Palazzo_Marescialli_CsmIl Guardasigilli lascia la magistratura dopo 34 anni. Non c’è l’accordo sul procuratore capo di Catania

 

ROMA – Senza alcun dibattito, ma solo con l’intervento del relatore Paolo Carfì, il plenum del Csm ha accolto, con voto unanime, le dimissioni del ministro della Giustizia Nitto Francesco Palma dall’ordine giudiziario. Lascia dunque la toga il Guardasigilli, che era entrato in magistratura nel 1977.

Palma ha annunciato le sue dimissioni dall’ordine giudizirio puntando l’accento sul rischio che lo “scambio di ruolo tra magistrato e politico” possa “alimentare confusione nei cittadini” e annunciando l’intenzione di promuovere una iniziativa legislativa per limitare e regolare i passaggi da una funzione all’altra. Le sue dimissioni rappresentano dunque un “segnale concreto – a giudizio del ministro – per avviare, rapidamente e doverosamente, il percorso legislativo imprescindibile per coprire il vuoto normativo che riguarda l’ingresso in politica dei magistrati che accettano di candidarsi ovvero di ricoprire incarichi istituzionali, nonché il loro rientro nella loro attività lavorativa una volta cessata l’esperienza politica”.

Anche per un altro magistrato è arrivato il via libera per il collocamento fuori ruolo da Palazzo dei Marescialli: Stefano Dambruoso, che sette mesi fa era stato nominato componente del Consiglio direttivo dell’Agenzia per la sicurezza nucleare (un organismo che però non è mai divenuto operativo, al punto che a settembre il presidente Umberto Veronesi si è dimesso), è da oggi vice capo di gabinetto del ministro dell’Ambiente, Stefania Prestigiacomo. La delibera, tra le critiche di chi riteneva comunque troppi 7 anni di incarichi fuori ruolo su 20 complessivi di carriera, è stata comunque approvata con 15 voti a favore e 8 contrari.
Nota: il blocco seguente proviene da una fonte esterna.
Lemma wr_index_lt x : x < r -> wr_index l x < r + s.
Proof. by rewrite /wr_index; have := nth_le_size_conj_part (r - 1 - x); lia. Qed.

Definition co_index k := r + k - nth 0 l' k.

Lemma co_index_ltn k1 k2 : k1 < k2 -> co_index k1 < co_index k2.
Proof.
rewrite /co_index => lt_k; have := nth_conj_part_sorted (ltnW lt_k).
by have := nth_conj_part_le_size k1; lia.
Qed.

Lemma co_index_lt k : k < s -> co_index k < r + s.
Proof. by move=> lt_ks; rewrite (leq_ltn_trans (leq_subr _ _)) // ltn_add2l. Qed.

Lemma wr_index_neq_co_index j k : j < r -> k < s -> wr_index l j != co_index k.
Proof.
rewrite /wr_index /co_index => lt_jr lt_ks; have := nth_conj_part_le_size k.
case: (ltnP k (nth 0 l (r - 1 - j))) (ltn_nth_conj_part (r - 1 - j) k).
  by move=> lt_k /esym; lia.
by move=> le_k /esym/negbT; rewrite -leqNgt; lia.
Qed.

End ConjugatePartition.

Section MinorIndices.
Variable l : seq nat.
Local Notation r := (size l).
Local Notation s := (size (conj_part l)).

(* Row and column reindexings of the Toeplitz matrices of size [r + s] that make
   the Jacobi-Trudi matrix of [l] the leading block, and the transposed one of
   [conj_part l], up to signs, the trailing block of the inverse. *)
Definition minor_row x := if x < r then x else r + (r + s - 1 - x).

Lemma minor_row_lt x : x < r + s -> minor_row x < r + s.
Proof. by rewrite /minor_row; case: ifP; lia. Qed.

Lemma minor_row_inj x y : x < r + s -> y < r + s -> minor_row x = minor_row y -> x = y.
Proof. by rewrite /minor_row; case: ifP; case: ifP; lia. Qed.

Hypothesis l_sorted : sorted geq l.

Definition minor_col x := if x < r then wr_index l x else co_index l (r + s - 1 - x).

Lemma minor_col_lt x : x < r + s -> minor_col x < r + s.
Proof.
rewrite /minor_col; case: ifP => [lt_xr _|/negbT le_rx lt_x]; first exact: (wr_index_lt l_sorted lt_xr).
by apply: co_index_lt; lia.
Qed.

Lemma minor_col_inj x y : x < r + s -> y < r + s -> minor_col x = minor_col y -> x = y.
Proof.
rewrite /minor_col => lt_x lt_y; case: ifP => lt_xr; case: ifP => lt_yr.
- case: (ltngtP x y) => // [lt_xy|lt_yx].
    by have := wr_index_ltn l_sorted lt_xy lt_yr; lia.
  by have := wr_index_ltn l_sorted lt_yx lt_xr; lia.
- have lt_k : r + s - 1 - y < s by lia.
  by move=> E; case/negP: (wr_index_neq_co_index l_sorted lt_xr lt_k); rewrite E.
- have lt_k : r + s - 1 - x < s by lia.
  by move=> E; case/negP: (wr_index_neq_co_index l_sorted lt_yr lt_k); rewrite E.
- case: (ltngtP x y) => // [lt_xy|lt_yx].
    by have := co_index_ltn l_sorted (_ : r + s - 1 - y < r + s - 1 - x); lia.
  by have := co_index_ltn l_sorted (_ : r + s - 1 - x < r + s - 1 - y); lia.
Qed.

End MinorIndices.

Lemma exists_perm_of_inj n (f : nat -> nat) :
    (forall x, x < n -> f x < n) ->
    (forall x y, x < n -> y < n -> f x = f y -> x = y) ->
  exists p : 'S_n, forall x, val (p x) = f x.
Proof.
move=> f_lt f_inj; pose g (x : 'I_n) := Ordinal (f_lt x (ltn_ord x)).
have g_inj : injective g.
  by move=> x y /(congr1 val) /f_inj eq_xy; apply/val_inj/eq_xy.
by exists (perm g_inj) => x; rewrite permE.
Qed.

Local Open Scope ring_scope.

Section Convolution.
Variable T : comPzRingType.
Implicit Types a b h e : nat -> T.

(* [ps_mul] and [ps_neg_arg], generalized to any commutative ring. *)
Definition conv a b n : T := \sum_(i < n.+1) a i * b (n - i)%N.
Definition neg_arg a n : T := (-1) ^+ n * a n.
Definition shift a n : T := if n is m.+1 then a m else 0.

(* [h(t) e(-t) = 1] for the generating series of [h] and [e]. *)
Definition dual_seq h e := forall n, conv h (neg_arg e) n = (n == 0)%:R.

Lemma signrB m n : (m <= n)%N -> (-1) ^+ (n - m) = (-1) ^+ m * (-1) ^+ n :> T.
Proof. by move=> le_mn; rewrite -exprD -signr_odd -[RHS]signr_odd oddB // oddD addbC. Qed.

Lemma convC a b n : conv a b n = conv b a n.
Proof.
rewrite /conv (reindex_inj rev_ord_inj); apply: eq_bigr => i _ /=.
by rewrite subKn 1?mulrC // -ltnS.
Qed.

Lemma eq_convl a1 a2 b n : a1 =1 a2 -> conv a1 b n = conv a2 b n.
Proof. by move=> eq_a; apply: eq_bigr => i _; rewrite eq_a. Qed.

Lemma convDr a b c n : conv a (fun k => b k + c k) n = conv a b n + conv a c n.
Proof. by rewrite /conv -big_split; apply: eq_bigr => i _; rewrite mulrDr. Qed.

Lemma conv_shiftl a b n : conv (shift a) b n = shift (conv a b) n.
Proof.
by case: n => [|n]; rewrite /conv ?big_ord1 ?mul0r // big_ord_recl mul0r add0r.
Qed.

Lemma conv_shiftr a b n : conv a (shift b) n = shift (conv a b) n.
Proof. by rewrite convC conv_shiftl; case: n => // n; rewrite /= convC. Qed.

Lemma conv_eq0 h b : h 0%N = 1 -> (forall n, conv h b n = 0) -> forall n, b n = 0.
Proof.
move=> h0 hb; elim/ltn_ind => n IHn; move: (hb n).
rewrite /conv big_ord_recl h0 mul1r subn0 big1 ?addr0 // => i _.
by rewrite IHn ?mulr0 //; case: n {hb IHn} i => [[]|n i] //; rewrite subSS ltnS leq_subr.
Qed.

Lemma dual_seqC h e : dual_seq h e -> dual_seq e h.
Proof.
move=> he n; have E : (-1) ^+ n * conv (neg_arg h) e n = (n == 0)%:R.
  rewrite -(he n) /conv mulr_sumr; apply: eq_bigr => i _.
  by rewrite /neg_arg signrB -1?ltnS //; ring.
rewrite convC -[LHS](signrMK n) E.
by case: n {he E} => [|n]; rewrite ?expr0 ?mul1r ?mulr0.
Qed.

Lemma dual_seq0 h e : h 0%N = 1 -> dual_seq h e -> e 0%N = 1.
Proof. by move=> h0 /(_ 0%N); rewrite /conv big_ord1 h0 /neg_arg expr0 !mul1r. Qed.

Fixpoint series_inv_upto h n : seq T :=
  if n is m.+1 then
    let g := series_inv_upto h m in
    rcons g (- \sum_(i < m.+1) h i.+1 * g`_(m - i))
  else [:: 1].

Definition series_inv h n := (series_inv_upto h n)`_n.

Lemma size_series_inv_upto h n : size (series_inv_upto h n) = n.+1.
Proof. by elim: n => //= n IHn; rewrite size_rcons IHn. Qed.

Lemma nth_series_inv_upto h n k : (k <= n)%N -> (series_inv_upto h n)`_k = series_inv h k.
Proof.
elim: n => [|n IHn]; first by rewrite leqn0 => /eqP->.
rewrite leq_eqVlt => /predU1P[->//|lt_kn].
by rewrite /= nth_rcons size_series_inv_upto lt_kn IHn.
Qed.

Lemma series_invS h n :
  series_inv h n.+1 = - \sum_(i < n.+1) h i.+1 * series_inv h (n - i).
Proof.
rewrite /series_inv /= nth_rcons size_series_inv_upto ltnn eqxx; congr (- _).
by apply: eq_bigr => i _; rewrite nth_series_inv_upto // leq_subr.
Qed.

Lemma dual_seq_series_inv h : h 0%N = 1 -> dual_seq h (neg_arg (series_inv h)).
Proof.
move=> h0 n; rewrite /conv; under eq_bigr do rewrite /neg_arg signrMK.
case: n => [|n]; first by rewrite big_ord1 h0 mul1r.
by rewrite big_ord_recl h0 mul1r subn0 series_invS addNr.
Qed.

End Convolution.

Lemma dual_seq_rmorph (T U : comPzRingType) (f : {rmorphism T -> U}) (h e : nat -> T) :
  dual_seq h e -> dual_seq (f \o h) (f \o e).
Proof.
move=> he n; rewrite -(rmorph_nat f) -(he n) rmorph_sum; apply: eq_bigr => i _.
by rewrite /neg_arg /= !rmorphM rmorph_sign.
Qed.

Section FactorialSeries.
Variable R : fieldType.
Hypothesis charR0 : [pchar R] =i pred0.

Definition invfact n : R := (n`!%:R)^-1.

Lemma natr_fact_neq0 n : n`!%:R != 0 :> R.
Proof. by rewrite ((pcharf0P R).1 charR0) -lt0n fact_gt0. Qed.

Lemma invfact0 : invfact 0 = 1.
Proof. by rewrite /invfact fact0 invr1. Qed.

(* [e^t e^(-t) = 1], i.e. the binomial expansion of [(1 - 1)^n]. *)
Lemma dual_seq_invfact : dual_seq invfact invfact.
Proof.
move=> n; apply: (mulIf (natr_fact_neq0 n)); rewrite mulr_suml.
have -> : (n == 0)%:R * n`!%:R = (n == 0)%:R :> R by case: n => [|n]; rewrite ?mul1r ?mul0r.
have := exprDn (-1 : R) 1 n; rewrite addNr expr0n => ->.
apply: eq_bigr => i _; have le_in : (i <= n)%N by rewrite -ltnS.
rewrite expr1n mulr1 mulr_natr -mulr_natl /neg_arg /invfact -(bin_fact le_in) !natrM.
by field; rewrite !natr_fact_neq0.
Qed.

End FactorialSeries.

Section DerivativeDual.
Variable R : comNzRingType.
Implicit Types a b h e : nat -> {poly R}.

Lemma deriv_conv a b n :
  (conv a b n)^`() = conv (fun k => (a k)^`()) b n + conv a (fun k => (b k)^`()) n.
Proof. by rewrite /conv raddf_sum -big_split; apply: eq_bigr => i _; apply: derivM. Qed.

Lemma deriv_neg_arg a n : (neg_arg a n)^`() = neg_arg (fun k => (a k)^`()) n.
Proof. by rewrite /neg_arg -signr_odd; case: odd; rewrite ?mul1r ?mulN1r ?derivN. Qed.

(* Differentiating [h(t) e(-t) = 1] with [h' = t h] gives [e' = t e]. *)
Lemma dual_seq_deriv h e : h 0%N = 1 -> (forall n, (h n.+1)^`() = h n) ->
  dual_seq h e -> forall n, (e n.+1)^`() = e n.
Proof.
move=> h0 h' he n; pose E := neg_arg e.
have dh k : (h k)^`() = shift h k by case: k => [|k]; rewrite /= ?h0 ?derivC ?h'.
have E'0 : forall k, (E k)^`() + shift E k = 0.
  apply: (conv_eq0 (b := fun k => (E k)^`() + shift E k) h0) => k.
  rewrite convDr conv_shiftr.
  have := congr1 deriv (he k); rewrite deriv_conv (eq_convl _ _ dh) conv_shiftl addrC => ->.
  by rewrite -polyC_natr derivC.
have := E'0 n.+1; rewrite /E deriv_neg_arg /neg_arg /= exprS mulN1r mulNr addrC.
by move/eqP; rewrite subr_eq0 => /eqP/(inv_inj (signrMK n)).
Qed.

End DerivativeDual.

Section Toeplitz.
Variable T : comPzRingType.
Implicit Types a b h e : nat -> T.

Definition toeplitz_coef a i j : T := if (i <= j)%N then a (j - i)%N else 0.
Definition toeplitz N a : 'M[T]_N := \matrix_(i, j) toeplitz_coef a i j.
Ancora una fumata nera invece, sulla nomina del procuratore di Catania. L’assemblea di Palazzo dei Marescialli ha infatti disposto un nuovo rinvio, al prossimo due novembre. La ragione è quella di riflettere sugli effetti che potrebbe avere la sentenza con la quale il Consiglio di Stato ha bocciato l’orientamento da sempre seguito dal Csm, per il quale il magistrato che ha un ruolo di responsabilità, ma non è alla guida di un ufficio giudiziario, non può concorrere per un incarico direttivo prima che siano trascorsi tre anni dall’assunzione del ruolo precedente. La decisione di rinviare ancora ha però spaccato il plenum: 13 sono stati i voti favorevoli, tre le astensioni e 8 i voti contrari. Il tempo del rinvio servirà comunque a far sì che l’ufficio studi del Csm predisponga un parere sulla questione.

La sfida per la poltrona di capo dei pm etnei vede in campo tre candidature di peso come quella di Giovanni Salvi, Giovanni Tinebra e Giuseppe Gennaro, rispettivamente sostituto procuratore generale presso la Cassazione, procuratore generale presso la Corte d’appello di Catania e sostituto procuratore a Catania. Salvi, che in commissione aveva ottenuto la maggioranza dei consensi, è un ex componente del Csm, esponente di Magistratura democratica; Tinebra, già procuratore a Caltanissetta, è stato capo del Dipartimento dell’amministrazione penitenziaria ed è considerato politicamente vicino al centrodestra; Giuseppe Gennaro è il candidato di Unicost, la corrente ‘centrista’ dell’Anm: è stato per otto anni procuratore aggiunto a Catania, ancor prima componente del Csm e presidente dell’Anm. Un big contro il quale alcuni esponenti della sinistra catanese si battono accusandolo per una vecchia vicenda, in realtà archiviata dallo stesso Csm, di presunti rapporti di conoscenza con esponenti vicini alle cosche locali.